🤖 AI Summary
This work addresses a critical limitation in existing large language model alignment methods, which typically disregard the disagreement among human annotators on ambiguous samples and thus fail to capture label ambiguity inherent in real-world scenarios. To overcome this, the authors propose a reinforcement learning–based alignment framework that treats the annotation distribution not as noise but as a valuable signal. The approach introduces a dynamic sample weighting mechanism that emphasizes highly ambiguous instances during optimization, jointly enhancing distribution matching and classification performance. Evaluated on benchmarks such as ChaosNLI, the method achieves substantial improvements, reducing the Jensen–Shannon divergence by up to 62.1% and increasing F1 scores by as much as 16.7%, thereby significantly improving the model’s capacity to reflect the diversity of human judgments.
📝 Abstract
Many human-centered tasks, including natural language inference (NLI) and emotion recognition (ER), have multiple plausible interpretations, leading to label ambiguity and challenging disagreements across human annotators. As LLMs are increasingly deployed in real-world settings, faithfully modeling such ambiguity is essential to identify contested inputs, preserve variability in ambiguous cases, and capture the full distribution of human judgments. Yet, existing LLM alignment approaches have predominantly assumed a single correct label, excluding annotator disagreement during optimization. Instead of treating this ambiguity as noise, we show how to treat it as information that improves model behavior through a new algorithm called SMARTLY HANDLING AMBIGUOUS LABELS IN ALIGNING LLMS (SHALA-LLM). This reinforcement learning framework provides a new way for LLMs to learn directly from annotator distributions while dynamically prioritizing highly ambiguous samples during optimization.

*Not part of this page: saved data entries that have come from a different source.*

(* Let $n\ge2$ and let $\mathbb{A}=(A_{ij})_{i,j=1}^n$ be an operator matrix as in the context. Assume that for every permutation $\pi$ of $\{1,\ldots,n\}$, $\mathbb{A}(\pi)_k$ is closed for every $k\in\{2,\ldots,n\}$. Then $\sigma(\mathbb{A})\subset\bigcap_{k=1}^nS^*_k(\mathbb{A})$.
   Context: Let $X_1,\ldots,X_n$ be complex Banach spaces and $X=X_1\times\cdots\times X_n$ with norm $\|x\|=\sum_i\|x_i\|_{X_i}$. For $i,j$, $A_{ij}:\mathcal{D}(A_{ij})\subset X_j\to X_i$ are linear, $A_{ii}$ closed, and for $i\ne j$ $A_{ij}$ is relatively $A_{jj}$-bounded ($\mathcal{D}(A_{jj})\subset\mathcal{D}(A_{ij})$ and $\|A_{ij}x\|\le\alpha\|x\|+\beta\|A_{jj}x\|$ for some $\alpha,\beta\ge0$). $\mathbb{A}=(A_{ij})$ acts on $\mathcal{D}(A_{11})\times\cdots\times\mathcal{D}(A_{nn})$ by $(\mathbb{A}x)_i=\sum_jA_{ij}x_j$. For a permutation $\pi$, $\mathbb{A}(\pi):=(A_{\pi^{-1}(i),\pi^{-1}(j)})_{i,j=1}^n$ acts on $X_{\pi^{-1}(1)}\times\cdots\times X_{\pi^{-1}(n)}$ with domain $\prod_i\mathcal{D}(A_{\pi^{-1}(i),\pi^{-1}(i)})$; $\mathbb{B}_k$ is the upper-left $k\times k$ block of such a matrix $\mathbb{B}$, with domain the product of the first $k$ diagonal domains. $\sigma(S)$ is the set of $\lambda$ for which $\lambda-S$ is not bijective from $\mathcal{D}(S)$ with bounded inverse. For $j\ne k$ and $\lambda\notin\sigma(A_{kk})\cup\sigma(A_{jj})$ set \[ \mathcal{R}^*_{kj}(\lambda):=\sum_{i=1,i\ne k}^n\Big(\|A_{ik}(\lambda-A_{kk})^{-1}A_{kj}(\lambda-A_{jj})^{-1}\|+\|(1-\delta_{ij})A_{ij}(\lambda-A_{jj})^{-1}\|\Big), \] the modified Schur sets $S^*_{kj}(\mathbb{A}):=\sigma(A_{kk})\cup\sigma(A_{jj})\cup\{\lambda\notin\sigma(A_{kk})\cup\sigma(A_{jj}):\mathcal{R}^*_{kj}(\lambda)\ge1\}$, and $S^*_k(\mathbb{A}):=\bigcup_{j\ne k}S^*_{kj}(\mathbb{A})$. *)

From HB Require Import structures.
From mathcomp Require Import all_boot all_order all_algebra all_fingroup.
From mathcomp Require Import all_classical all_reals all_analysis.
From mathcomp Require Export complex.
Import Order.TTheory GRing.Theory Num.Theory numFieldNormedType.Exports.



Unset Printing Implicit Defensive.
Lemma left_inverse_unique F X Y : in_Gdif F ->
  (forall i u, subst X F i u = id_series A i u) ->
  (forall i u, subst Y F i u = id_series A i u) ->
  forall i u, X i u = Y i u.
Proof.
move=> GF XF YF i u; have [n] := ubnP (size u); elim: n u i => // n IHn u i size_u.
move: (XF i u) (YF i u); rewrite !subst_finest // => /(canRL (addrK _)) -> /(canRL (addrK _)) ->.
congr (_ - _); rewrite big_seq_cond [RHS]big_seq_cond.
apply: eq_bigr => c /andP [c_in blocks_lt]; congr (_ * _); apply: IHn.
by rewrite (cips_size_colors c_in) (leq_trans blocks_lt).
Qed.

Definition rev_series F : series N A := fun i u => F i (rev u).

Lemma in_Gdif_rev_series F : in_Gdif F -> in_Gdif (rev_series F).
Proof. by move=> GF i u u_le1; rewrite /rev_series GF ?size_rev //; case: u u_le1 => [|? []]. Qed.

Lemma subst_rev_series X Y i u :
  subst (rev_series X) (rev_series Y) i u =
  \sum_(c <- cips (rev u)) X i c.2 * \prod_(p <- rev (zip c.2 c.1)) Y p.1 p.2.
Proof.
have := perm_cips_rev (rev u); rewrite revK => perm_u.
rewrite /subst (perm_big _ perm_u) big_map; apply: eq_big_seq => c c_in.
rewrite /rev_cip /rev_series /= revK -rev_zip; last by rewrite size_map (cips_size_colors c_in).
by rewrite zip_mapr -map_rev big_map; congr (_ * _); apply: eq_bigr => p _; rewrite /= revK.
Qed.

Section ReversedRightInverse.
Variables F G : series N A.
Hypotheses (GF : in_Gdif F) (GG : in_Gdif G).
Hypothesis FG : forall i u, subst F G i u = id_series A i u.

Let reversed_subst i u :=
  \sum_(c <- cips u) G i c.2 * \prod_(p <- rev (zip c.2 c.1)) F p.1 p.2.

Let nested_term i (q : cip N * cip N) :=
  G i q.2.2 * \prod_(p <- rev (zip q.2.2 q.2.1)) F p.1 p.2 *
  \prod_(p <- zip q.1.2 q.1.1) G p.1 p.2.

(* Summing over the partitions of the first block first produces the
   coefficient (F o G)_{w_1}(C_1), a central 0 or 1; this is why the reversed
   order of the F-factors does no harm. *)
Lemma sum_cips_blocks_nested C w : size w = size C ->
  \sum_(r <- cips_blocks C)
     (\prod_(p <- rev (zip w (map snd r))) F p.1 p.2) *
     (\prod_(p <- zip (flatten (map snd r)) (flatten (map fst r))) G p.1 p.2)
  = \prod_(p <- zip w C) id_series A p.1 p.2.
Proof.
elim: C w => [|b C IHC] [|j w] // => [_|[size_w]]; first by rewrite big_seq1 !big_nil mulr1.
pose P (r : seq (cip N)) := \prod_(p <- rev (zip w (map snd r))) F p.1 p.2.
pose Q (r : seq (cip N)) := \prod_(p <- zip (flatten (map snd r)) (flatten (map fst r))) G p.1 p.2.
rewrite big_allpairs_dep big_cons /=.
transitivity (\sum_(c <- cips b) \sum_(r <- cips_blocks C)
                P r * (F j c.2 * \prod_(p <- zip c.2 c.1) G p.1 p.2) * Q r).
  apply: eq_big_seq => c c_in; apply: eq_bigr => r _.
  by rewrite rev_cons big_rcons zip_cat ?big_cat ?(cips_size_colors c_in) //= !mulrA.
rewrite exchange_big /=; transitivity (\sum_(r <- cips_blocks C) P r * id_series A j b * Q r).
  by apply: eq_bigr => r _; rewrite -big_distrl -big_distrr -(FG j b).
rewrite -IHC // big_distrr; apply: eq_bigr => r _.
by rewrite /id_series /= mulr_natr mulr_natl mulrnAl.
Qed.
Lemma Cmod_sqr_add_sqr_ge (t0 : R) (w v : C) : in_sector t0 (w * Cconj v) ->
  cos t0 * (Cmod w ^ 2 + Cmod v ^ 2) <= Cmod (w * w + v * v).
Proof.
  unfold in_sector. intro hsec.
  pose proof (Cmod_ge_0 w). pose proof (Cmod_ge_0 v).
  destruct (Rlt_or_le (cos t0) 0) as [hk|hk].
  { pose proof (Cmod_ge_0 (w * w + v * v)). nra. }
  set (p := Re (w * Cconj v)) in *. set (q := Im (w * Cconj v)) in *.
  assert (hpq : p ^ 2 + q ^ 2 = Cmod w ^ 2 * Cmod v ^ 2)
    by (unfold p, q; rewrite <- Cmod2_alt, Cmod_mult, Cmod_conj; ring).
  assert (hmod : Cmod (w * w + v * v) ^ 2
                 = (Cmod w ^ 2) ^ 2 + (Cmod v ^ 2) ^ 2 + 2 * (p ^ 2 - q ^ 2)).
  { unfold p, q. rewrite !Cmod2_alt.
    destruct w as [x y], v as [x' y']. unfold Re, Im; simpl. ring. }
  assert (hsq : cos t0 ^ 2 * q ^ 2 <= sin t0 ^ 2 * p ^ 2).
  { rewrite <- (pow2_abs q), <- !Rpow_mult_distr.
    pose proof (Rabs_pos q). apply pow_incr. nra. }
  replace (sin t0 ^ 2) with (1 - cos t0 ^ 2) in hsq
    by (pose proof (sin2_cos2 t0) as h; rewrite !Rsqr_pow2 in h; lra).
  apply Rsqr_incr_0_var; [rewrite !Rsqr_pow2, hmod | apply Cmod_ge_0].
  (* the difference is [sin t0 ^ 2 (|w|^2 - |v|^2) ^ 2 + 2 (sin t0 ^ 2 p ^ 2 - cos t0 ^ 2 q ^ 2)] *)
  assert (0 <= (1 - cos t0 ^ 2) * (Cmod w ^ 2 - Cmod v ^ 2) ^ 2).
  { pose proof (COS_bound t0). apply Rmult_le_pos; [nra | apply pow2_ge_0]. }
  nra.
Qed.

Lemma Im_Csqrt_sqr_mul_ge (z w : C) : 0 <= Im z ->
  Im w * Im (z * Cconj w) <= Cmod w ^ 2 * Im (Csqrt z) ^ 2.
Proof.
  intro hz. destruct (Im_Csqrt_sqr z hz) as [_ hq].
  assert (hcs : Re (z * Cconj (w * w)) <= Cmod z * Cmod w ^ 2).
  { pose proof (re_le_Cmod (z * Cconj (w * w))) as h.
    rewrite Cmod_mult, Cmod_conj, Cmod_mult in h.
    pose proof (Rle_abs (Re (z * Cconj (w * w)))). nra. }
  assert (hid : Re (z * Cconj (w * w)) - Cmod w ^ 2 * Re z = 2 * Im w * Im (z * Cconj w)).
  { rewrite Cmod2_alt. destruct z as [x y], w as [x' y']. unfold Re, Im; simpl. ring. }
  nra.
Qed.

Lemma sub_le_of_sqr_bound (y rho c q : R) :
  0 <= y <= rho -> 0 <= c -> 0 <= q -> y ^ 2 * (rho ^ 2 - c ^ 2) <= rho ^ 2 * q ^ 2 ->
  y - c <= q.
Proof.
  intros hy hc hq h.
  destruct (Rle_or_lt y c) as [hyc|hyc]; [lra|].
  apply Rsqr_incr_0_var; [unfold Rsqr | lra].
  assert (hrho : 0 < rho ^ 2) by nra.
  apply (Rmult_le_reg_l (rho ^ 2)); [lra|].
  (* [rho^2 (y - c)^2 <= y^2 (rho^2 - c^2)] reduces to [c (rho^2 (2y - c) - y^2 c) >= 0] *)
  assert (0 <= (rho ^ 2 - y ^ 2) * (2 * y - c)) by (apply Rmult_le_pos; nra).
  assert (0 <= c * (2 * y ^ 2 * (y - c))) by (apply Rmult_le_pos; [lra | nra]).
  nra.
Qed.

Lemma Im_Csqrt_add_sqr_ge (w v : C) (c : R) :
  0 <= c -> 0 <= Im w -> 0 <= Im (w * w + v * v) -> 0 <= Im ((v * v - c * c) * Cconj w) ->
  Im w - c <= Im (Csqrt (w * w + v * v)).
Proof.
  intros hc hw hz hd.
  pose proof (Im_Csqrt_sqr_mul_ge _ w hz) as hb.
  assert (hid : Im ((w * w + v * v) * Cconj w)
                = Im w * (Cmod w ^ 2 - c ^ 2) + Im ((v * v - c * c) * Cconj w)).
  { rewrite Cmod2_alt. destruct w as [x y], v as [x' y']. unfold Re, Im; simpl. ring. }
  apply sub_le_of_sqr_bound with (Cmod w); try lra.
  - split; [lra|]. pose proof (Cmod2_alt w). apply Rsqr_incr_0_var; [|apply Cmod_ge_0].
    rewrite !Rsqr_pow2. nra.
  - apply Im_Csqrt_sqr. exact hz.
  - nra.
Qed.
Lemma coinv_proj_mact x (c : coinv one rho (orb a x)) (p : H (f (base x))) :
  coinv_proj x (mact _ (cval c (oact (xin a x) (f x)^-1%g)) p)
  = (eps (tr H (f_base x) p) : k) *: c.
Proof.
apply: coinv_eq => yO /=.
set y := proj1_sig yO; set k0 := ((f y)^-1)%g.
have e := base_orbit yO; rewrite -/y in e.
rewrite /proj_at (tr_irrelevance _ (esym e)) tr_mact.
rewrite -(cval_tr c (oact (xin a x) (f x)^-1%g) (oact yO k0) (esym e)).
rewrite (hm_compat HM) (cvalP c yO k0) tlift_tens; last by bilsolve.
set p'' := tr H (hm_f HM y k0) _.
transitivity (tlift (fun s t => mact y (cval c yO) (mu (f y) s (S (f y) t)))
                (Delta (f y) k0 p'')).
  rewrite (tlift_comp _ _ (_ : linear (tlift (fun p q => mact y p (S (f y) q)))));
    last by linsolve.
  have [_ mul1 _ _] := hc_alg HH k0.
  apply: eq_tlift => s t; rewrite tlift_tens; last by bilsolve.
  by rewrite mul1 (hm_mod_assoc HM).
rewrite -(tlift_comp _ _ (_ : linear (fun v => mact y (cval c yO) v))); last by linsolve.
rewrite -(Delta_atE (erefl _)) (Delta_at_antipode_r _ (mulgV (f y))).
rewrite (lin_scale ((mact_bilin y).2 _)) (hm_mod_unit HM).
by rewrite /p'' !tr_trans (tr_irrelevance _ (f_base x)).
Qed.
Lemma smooth_on_inv f : smooth_on U f -> (forall t, U t -> f t <> 0) ->
  smooth_on U (fun x => / f x).
Proof. rewrite !smooth_on_Cn. intros Hf Hnz n. now apply Cn_inv. Qed.

End FiniteOrderSmoothness.

Definition vadd (x y : R * R) : R * R := (fst x + fst y, snd x + snd y).
Definition vscal (c : R) (x : R * R) : R * R := (c * fst x, c * snd x).

Lemma mink_sym x y : mink x y = mink y x.
Proof. unfold mink; ring. Qed.

Lemma mink_vscal_r c x y : mink x (vscal c y) = c * mink x y.
Proof. unfold mink, vscal; simpl; ring. Qed.

Lemma mink_vscal c x y : mink (vscal c x) (vscal c y) = c ^ 2 * mink x y.
Proof. unfold mink, vscal; simpl; ring. Qed.

Lemma mink_vsub_l x y z : mink (vsub x y) z = mink x z - mink y z.
Proof. unfold mink, vsub; simpl; ring. Qed.

Lemma vsub_vadd_l x y : vsub (vadd x y) x = y.
Proof. destruct x, y; unfold vsub, vadd; simpl; f_equal; ring. Qed.

Lemma vscal_inv_r c x : c <> 0 -> vscal c (vscal (/ c) x) = x.
Proof. intros Hc; destruct x; unfold vscal; simpl; f_equal; field; exact Hc. Qed.

Lemma Derive_mink_self (c : R -> R * R) t :
  ex_derive (fun x => fst (c x)) t -> ex_derive (fun x => snd (c x)) t ->
  Derive (fun x => mink (c x) (c x)) t = 2 * mink (dcurve c t) (c t).
Proof.
  intros H1 H2. unfold mink, dcurve; simpl.
  rewrite Derive_plus, !Derive_mult, Derive_opp;
    auto using ex_derive_mult, ex_derive_opp.
  ring.
Qed.

Lemma dcurve_vsub (f g : R -> R * R) t :
  ex_derive (fun x => fst (f x)) t -> ex_derive (fun x => snd (f x)) t ->
  ex_derive (fun x => fst (g x)) t -> ex_derive (fun x => snd (g x)) t ->
  dcurve (fun x => vsub (f x) (g x)) t = vsub (dcurve f t) (dcurve g t).
Proof.
  intros. unfold dcurve, vsub; simpl. now rewrite !Derive_minus.
Qed.

Section Curves.

Variable U : R -> Prop.
Hypothesis U_open : open U.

Experiments on ambiguity-sensitive NLI and ER benchmarks, including ChaosNLI, GoEmotions, and MSP-Podcast, demonstrate that SHALA-LLM improves agreement with annotator label distributions, e.g. on ChaosNLI, it reduces Jensen-Shannon Distance by up to 62.1%. At the same time, SHALA-LLM improves F1 by up to 16.7%, showing that modeling annotator disagreement can also strengthen classification performance.